(* The libraries $AbsQ$ and $AbsQ_0$ (defined in the context) have exactly the same set of histories: $AbsQ$ refines $AbsQ_0$ and $AbsQ_0$ refines $AbsQ$, i.e. $H(AbsQ)=H(AbsQ_0)$.
   Context: Fix a set $\mathit{Vals}$ of values containing a special value $\mathtt{EMPTY}$, take operation identifiers $\mathit{Ops}=\mathbb{N}$, and methods $\mathit{Methods}=\{enq,deq\}$. Call actions are $inv(m,d,k)$ and return actions $ret(m,d,k)$ ($m$ a method, $d$ a value, $k$ an operation identifier); $C$ and $R$ denote the sets of all call, resp. return, actions (the value field is omitted when irrelevant, e.g. $inv(deq,k)$, $ret(enq,k)$). A labeled transition system (LTS) $(Q,\Sigma,s_0,\delta)$ has states $Q$, alphabet $\Sigma$, initial state $s_0$ and transition relation $\delta\subseteq Q\times\Sigma\times Q$; a trace is the sequence of labels of a finite execution from $s_0$. The history set $H(L)$ of an LTS $L$ with $C\cup R\subseteq\Sigma$ is the set of projections of its traces onto $C\cup R$. $L_1$ refines $L_2$ iff $H(L_1)\subseteq H(L_2)$. For a partial function $f$, $f[x\mapsto y]$ is $f$ updated at $x$. $AbsQ_0$ (standard atomic queue): states are tuples $(\sigma,in,rv,cp)$ with $\sigma\in\mathit{Vals}^*$ and partial functions $in,rv:\mathit{Ops}\rightharpoonup\mathit{Vals}$, $cp:\mathit{Ops}\rightharpoonup\{A_1,A,A_2,R_1,R_2,R_3\}$; initially $\sigma=\epsilon$ and all functions empty. Transitions: $inv(enq,d,k)$ if $k\notin dom(cp)$, $d\ne\mathtt{EMPTY}$: set $in(k)=d$, $cp(k)=A_1$. $lin(enq,d,k)$ if $cp(k)=A_1$, $in(k)=d$: $\sigma:=d\cdot\sigma$, $cp(k)=A$. $ret(enq,k)$ if $cp(k)=A$: $cp(k)=A_2$. $inv(deq,k)$ if $k\notin dom(cp)$: $cp(k)=R_1$. $lin(deq,d,k)$ if $cp(k)=R_1$ and $\sigma=\sigma'\cdot d$: $\sigma:=\sigma'$, $rv(k)=d$, $cp(k)=R_2$. $lin(deq,\mathtt{EMPTY},k)$ if $cp(k)=R_1$ and $\sigma=\epsilon$: $rv(k)=\mathtt{EMPTY}$, $cp(k)=R_2$. $ret(deq,d,k)$ if $cp(k)=R_2$ and $rv(k)=d$: $cp(k)=R_3$. $AbsQ$: alphabet $C\cup R\cup Lin(deq)$ where $Lin(deq)=\{lin(deq,d,k)\}$. States are tuples $(O,<,\ell,rv,cp)$ with $O\subseteq\mathit{Ops}$, $<$ a strict partial order on $O$, $\ell:O\to\mathit{Vals}\times\{\mathtt{PEND},\mathtt{COMP}\}$ (write $\ell_1,\ell_2$ for its components), $rv:\mathit{Ops}\rightharpoonup\mathit{Vals}$, $cp:\mathit{Ops}\rightharpoonup\{A_1,A_2,R_1,R_2,R_3\}$; all components empty initially. Let $\mathtt{COMP}(O)=\{k\in O:\ell_2(k)=\mathtt{COMP}\}$, $min(O)$ the $<$-minimal elements of $O$, and $<\uparrow k'$ the relation $<$ with all pairs containing $k'$ removed. Transitions: $inv(enq,d,k)$ if $k\notin dom(cp)$, $d\ne\mathtt{EMPTY}$: $O:=O\cup\{k\}$, $<:=<\cup(\mathtt{COMP}(O)\times\{k\})$, $\ell(k)=(d,\mathtt{PEND})$, $cp(k)=A_1$. $inv(deq,k)$ if $k\notin dom(cp)$: $cp(k)=R_1$. $ret(deq,d,k)$ if $cp(k)=R_2$, $rv(k)=d$: $cp(k)=R_3$. $ret(enq,k)$ if $cp(k)=A_1$, $k\in O$, $\ell(k)=(d,\mathtt{PEND})$: $\ell(k)=(d,\mathtt{COMP})$, $cp(k)=A_2$. $ret(enq,k)$ if $cp(k)=A_1$, $k\notin O$: $cp(k)=A_2$. $lin(deq,d,k)$ if $cp(k)=R_1$, $d\ne\mathtt{EMPTY}$, and some $k'\in min(O)$ has $\ell_1(k')=d$: $O:=O\setminus\{k'\}$, $<:=<\uparrow k'$, $rv(k)=d$, $cp(k)=R_2$. $lin(deq,\mathtt{EMPTY},k)$ if $cp(k)=R_1$ and $\ell_2(o)=\mathtt{PEND}$ for all $o\in O$: $rv(k)=\mathtt{EMPTY}$, $cp(k)=R_2$. *)

From Stdlib Require Import List Arith.
Import ListNotations.
Set Implicit Arguments.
☆ ☆ ☆ ☆ ☆
PROBLEM REQUIREMENTS
For each line above that carries the word "Import", copy it out.

THE ANSWER
From Stdlib Require Import List Arith.
Import ListNotations.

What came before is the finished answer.